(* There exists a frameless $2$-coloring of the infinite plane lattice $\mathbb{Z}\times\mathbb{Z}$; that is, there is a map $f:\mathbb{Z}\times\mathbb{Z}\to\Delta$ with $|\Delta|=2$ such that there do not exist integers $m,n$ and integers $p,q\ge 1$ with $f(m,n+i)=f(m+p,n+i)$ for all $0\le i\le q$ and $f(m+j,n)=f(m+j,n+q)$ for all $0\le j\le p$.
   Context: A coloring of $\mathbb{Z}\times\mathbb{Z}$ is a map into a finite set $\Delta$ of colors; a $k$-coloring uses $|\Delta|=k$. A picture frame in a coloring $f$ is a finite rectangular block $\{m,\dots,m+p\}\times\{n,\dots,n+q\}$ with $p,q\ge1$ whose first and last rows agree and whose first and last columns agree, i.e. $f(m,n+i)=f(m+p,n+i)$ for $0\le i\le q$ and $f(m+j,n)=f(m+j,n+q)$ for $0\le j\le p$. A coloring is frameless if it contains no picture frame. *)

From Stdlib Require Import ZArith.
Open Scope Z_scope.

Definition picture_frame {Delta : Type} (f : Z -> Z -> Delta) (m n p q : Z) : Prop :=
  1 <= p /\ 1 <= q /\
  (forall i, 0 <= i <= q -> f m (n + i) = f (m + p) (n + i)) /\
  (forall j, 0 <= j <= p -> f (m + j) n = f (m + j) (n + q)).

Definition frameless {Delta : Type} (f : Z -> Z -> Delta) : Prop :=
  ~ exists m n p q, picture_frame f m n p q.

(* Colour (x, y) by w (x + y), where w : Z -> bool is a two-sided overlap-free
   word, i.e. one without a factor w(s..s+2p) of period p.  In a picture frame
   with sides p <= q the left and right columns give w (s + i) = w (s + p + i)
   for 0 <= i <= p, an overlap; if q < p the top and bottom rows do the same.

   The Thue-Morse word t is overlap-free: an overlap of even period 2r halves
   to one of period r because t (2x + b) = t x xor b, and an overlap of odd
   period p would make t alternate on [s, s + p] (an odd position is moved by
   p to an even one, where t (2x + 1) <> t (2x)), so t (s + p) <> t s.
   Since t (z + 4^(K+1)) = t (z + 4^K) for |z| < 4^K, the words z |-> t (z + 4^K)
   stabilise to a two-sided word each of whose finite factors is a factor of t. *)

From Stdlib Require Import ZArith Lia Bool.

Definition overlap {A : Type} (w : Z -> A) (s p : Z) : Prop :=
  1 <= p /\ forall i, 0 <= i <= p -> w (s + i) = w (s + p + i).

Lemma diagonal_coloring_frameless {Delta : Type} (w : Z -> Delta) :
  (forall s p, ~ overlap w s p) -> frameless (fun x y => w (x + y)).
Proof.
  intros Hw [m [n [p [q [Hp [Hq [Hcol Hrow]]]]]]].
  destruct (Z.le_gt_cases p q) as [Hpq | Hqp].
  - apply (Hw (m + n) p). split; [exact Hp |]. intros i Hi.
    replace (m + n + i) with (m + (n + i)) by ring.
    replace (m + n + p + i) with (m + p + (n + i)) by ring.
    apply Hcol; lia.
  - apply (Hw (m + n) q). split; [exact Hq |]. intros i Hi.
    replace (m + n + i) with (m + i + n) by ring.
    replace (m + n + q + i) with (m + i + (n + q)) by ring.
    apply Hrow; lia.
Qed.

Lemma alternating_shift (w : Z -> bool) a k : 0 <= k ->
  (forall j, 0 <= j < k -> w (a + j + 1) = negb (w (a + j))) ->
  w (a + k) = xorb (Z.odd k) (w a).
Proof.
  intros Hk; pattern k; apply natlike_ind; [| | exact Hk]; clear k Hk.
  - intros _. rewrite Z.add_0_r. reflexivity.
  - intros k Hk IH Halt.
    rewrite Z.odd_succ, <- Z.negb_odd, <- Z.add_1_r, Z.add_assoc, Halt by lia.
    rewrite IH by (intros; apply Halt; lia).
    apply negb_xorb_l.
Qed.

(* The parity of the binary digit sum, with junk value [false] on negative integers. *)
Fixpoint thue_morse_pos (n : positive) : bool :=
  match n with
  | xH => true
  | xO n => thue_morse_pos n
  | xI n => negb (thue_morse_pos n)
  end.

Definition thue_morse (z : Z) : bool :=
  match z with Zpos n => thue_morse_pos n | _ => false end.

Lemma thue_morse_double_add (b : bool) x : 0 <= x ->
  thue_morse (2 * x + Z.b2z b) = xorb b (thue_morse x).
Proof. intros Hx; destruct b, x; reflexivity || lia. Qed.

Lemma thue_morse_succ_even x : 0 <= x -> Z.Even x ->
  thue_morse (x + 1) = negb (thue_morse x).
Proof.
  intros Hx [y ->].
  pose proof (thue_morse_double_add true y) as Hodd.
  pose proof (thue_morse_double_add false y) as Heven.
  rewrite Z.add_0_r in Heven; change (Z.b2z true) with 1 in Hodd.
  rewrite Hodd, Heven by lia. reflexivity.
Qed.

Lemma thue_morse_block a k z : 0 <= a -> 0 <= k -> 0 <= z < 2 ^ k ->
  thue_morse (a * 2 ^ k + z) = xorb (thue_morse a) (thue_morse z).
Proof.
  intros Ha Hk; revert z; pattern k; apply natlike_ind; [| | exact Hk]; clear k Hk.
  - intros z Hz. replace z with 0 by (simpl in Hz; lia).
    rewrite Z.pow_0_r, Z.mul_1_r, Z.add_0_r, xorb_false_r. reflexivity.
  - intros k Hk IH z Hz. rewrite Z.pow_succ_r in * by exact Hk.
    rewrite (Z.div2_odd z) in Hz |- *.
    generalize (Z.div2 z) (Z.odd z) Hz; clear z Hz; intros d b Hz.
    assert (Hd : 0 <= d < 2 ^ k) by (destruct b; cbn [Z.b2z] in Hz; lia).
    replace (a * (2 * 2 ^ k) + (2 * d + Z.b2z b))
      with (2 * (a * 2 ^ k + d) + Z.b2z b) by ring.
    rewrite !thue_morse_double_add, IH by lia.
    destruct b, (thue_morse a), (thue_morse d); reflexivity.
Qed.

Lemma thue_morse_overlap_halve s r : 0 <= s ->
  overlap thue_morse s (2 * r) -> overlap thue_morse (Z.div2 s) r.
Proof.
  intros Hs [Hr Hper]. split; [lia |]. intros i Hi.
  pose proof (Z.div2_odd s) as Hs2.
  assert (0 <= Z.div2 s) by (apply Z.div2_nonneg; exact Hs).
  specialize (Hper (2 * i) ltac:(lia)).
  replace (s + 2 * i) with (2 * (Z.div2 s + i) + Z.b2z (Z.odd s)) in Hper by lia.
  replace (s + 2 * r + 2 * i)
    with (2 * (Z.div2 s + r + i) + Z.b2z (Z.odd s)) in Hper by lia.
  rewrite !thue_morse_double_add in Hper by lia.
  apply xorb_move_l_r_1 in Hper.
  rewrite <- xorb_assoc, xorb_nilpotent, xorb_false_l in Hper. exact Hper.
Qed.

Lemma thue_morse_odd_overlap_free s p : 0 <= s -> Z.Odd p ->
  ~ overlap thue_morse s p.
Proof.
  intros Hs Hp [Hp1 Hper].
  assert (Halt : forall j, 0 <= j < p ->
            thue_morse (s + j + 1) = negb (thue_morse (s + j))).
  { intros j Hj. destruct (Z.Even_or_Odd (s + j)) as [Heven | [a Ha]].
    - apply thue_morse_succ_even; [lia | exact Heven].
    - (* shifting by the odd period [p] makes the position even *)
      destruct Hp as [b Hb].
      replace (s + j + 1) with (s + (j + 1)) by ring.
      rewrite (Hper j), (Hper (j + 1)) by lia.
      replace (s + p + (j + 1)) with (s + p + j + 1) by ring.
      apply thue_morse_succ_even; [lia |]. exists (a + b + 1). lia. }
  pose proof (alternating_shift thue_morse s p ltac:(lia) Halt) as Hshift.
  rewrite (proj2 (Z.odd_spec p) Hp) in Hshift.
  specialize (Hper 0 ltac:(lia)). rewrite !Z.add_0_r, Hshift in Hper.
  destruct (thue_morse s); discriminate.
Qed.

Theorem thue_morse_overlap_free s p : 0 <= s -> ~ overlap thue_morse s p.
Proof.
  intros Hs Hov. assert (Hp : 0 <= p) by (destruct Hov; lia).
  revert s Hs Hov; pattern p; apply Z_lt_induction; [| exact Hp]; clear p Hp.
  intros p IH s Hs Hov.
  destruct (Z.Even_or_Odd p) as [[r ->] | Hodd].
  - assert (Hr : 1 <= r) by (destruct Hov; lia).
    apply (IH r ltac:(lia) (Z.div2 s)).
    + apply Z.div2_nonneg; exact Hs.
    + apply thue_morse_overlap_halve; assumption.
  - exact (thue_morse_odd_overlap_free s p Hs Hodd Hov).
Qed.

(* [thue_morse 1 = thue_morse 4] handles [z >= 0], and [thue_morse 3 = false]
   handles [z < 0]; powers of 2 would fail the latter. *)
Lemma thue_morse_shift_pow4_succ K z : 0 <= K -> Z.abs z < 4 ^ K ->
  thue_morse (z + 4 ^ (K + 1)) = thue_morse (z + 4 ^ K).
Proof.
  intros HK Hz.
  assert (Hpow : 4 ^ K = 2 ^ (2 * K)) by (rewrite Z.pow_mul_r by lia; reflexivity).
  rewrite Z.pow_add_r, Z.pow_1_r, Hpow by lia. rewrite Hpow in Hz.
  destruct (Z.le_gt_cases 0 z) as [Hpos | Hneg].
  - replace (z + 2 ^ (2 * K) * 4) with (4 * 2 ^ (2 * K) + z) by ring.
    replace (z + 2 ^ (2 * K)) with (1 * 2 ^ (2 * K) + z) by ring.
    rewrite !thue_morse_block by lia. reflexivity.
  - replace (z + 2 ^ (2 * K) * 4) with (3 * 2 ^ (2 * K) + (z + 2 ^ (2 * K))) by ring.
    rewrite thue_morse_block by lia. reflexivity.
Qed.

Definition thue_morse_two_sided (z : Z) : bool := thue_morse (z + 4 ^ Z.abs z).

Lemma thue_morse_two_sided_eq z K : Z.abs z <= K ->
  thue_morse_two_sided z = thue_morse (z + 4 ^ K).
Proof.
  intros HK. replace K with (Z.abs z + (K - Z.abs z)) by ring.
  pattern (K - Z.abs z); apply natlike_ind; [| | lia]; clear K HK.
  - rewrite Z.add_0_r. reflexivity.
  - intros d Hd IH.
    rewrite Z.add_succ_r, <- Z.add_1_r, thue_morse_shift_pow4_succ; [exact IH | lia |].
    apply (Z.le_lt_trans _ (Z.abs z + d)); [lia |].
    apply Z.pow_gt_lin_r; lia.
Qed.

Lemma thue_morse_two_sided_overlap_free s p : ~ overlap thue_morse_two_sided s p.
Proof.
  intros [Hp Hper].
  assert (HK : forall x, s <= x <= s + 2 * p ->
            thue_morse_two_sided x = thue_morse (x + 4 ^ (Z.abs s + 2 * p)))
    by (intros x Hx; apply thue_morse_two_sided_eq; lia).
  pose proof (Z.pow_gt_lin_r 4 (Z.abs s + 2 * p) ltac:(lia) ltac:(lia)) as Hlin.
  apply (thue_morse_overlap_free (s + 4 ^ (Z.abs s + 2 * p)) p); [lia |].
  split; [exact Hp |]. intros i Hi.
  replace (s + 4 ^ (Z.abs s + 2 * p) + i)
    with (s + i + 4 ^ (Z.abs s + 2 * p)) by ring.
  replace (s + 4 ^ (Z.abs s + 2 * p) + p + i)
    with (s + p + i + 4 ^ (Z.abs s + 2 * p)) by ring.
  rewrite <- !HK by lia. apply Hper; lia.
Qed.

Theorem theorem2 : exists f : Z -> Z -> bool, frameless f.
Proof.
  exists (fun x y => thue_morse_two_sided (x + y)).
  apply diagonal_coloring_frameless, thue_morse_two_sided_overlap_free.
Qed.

DIRECTIONS:
Repeat exactly, and only, the run of lines from the start of the material above through the line that holds "(forall i, 0".

TASK ANSWER:
(* There exists a frameless $2$-coloring of the infinite plane lattice $\mathbb{Z}\times\mathbb{Z}$; that is, there is a map $f:\mathbb{Z}\times\mathbb{Z}\to\Delta$ with $|\Delta|=2$ such that there do not exist integers $m,n$ and integers $p,q\ge 1$ with $f(m,n+i)=f(m+p,n+i)$ for all $0\le i\le q$ and $f(m+j,n)=f(m+j,n+q)$ for all $0\le j\le p$.
   Context: A coloring of $\mathbb{Z}\times\mathbb{Z}$ is a map into a finite set $\Delta$ of colors; a $k$-coloring uses $|\Delta|=k$. A picture frame in a coloring $f$ is a finite rectangular block $\{m,\dots,m+p\}\times\{n,\dots,n+q\}$ with $p,q\ge1$ whose first and last rows agree and whose first and last columns agree, i.e. $f(m,n+i)=f(m+p,n+i)$ for $0\le i\le q$ and $f(m+j,n)=f(m+j,n+q)$ for $0\le j\le p$. A coloring is frameless if it contains no picture frame. *)

From Stdlib Require Import ZArith.
Open Scope Z_scope.

Definition picture_frame {Delta : Type} (f : Z -> Z -> Delta) (m n p q : Z) : Prop :=
  1 <= p /\ 1 <= q /\
  (forall i, 0 <= i <= q -> f m (n + i) = f (m + p) (n + i)) /\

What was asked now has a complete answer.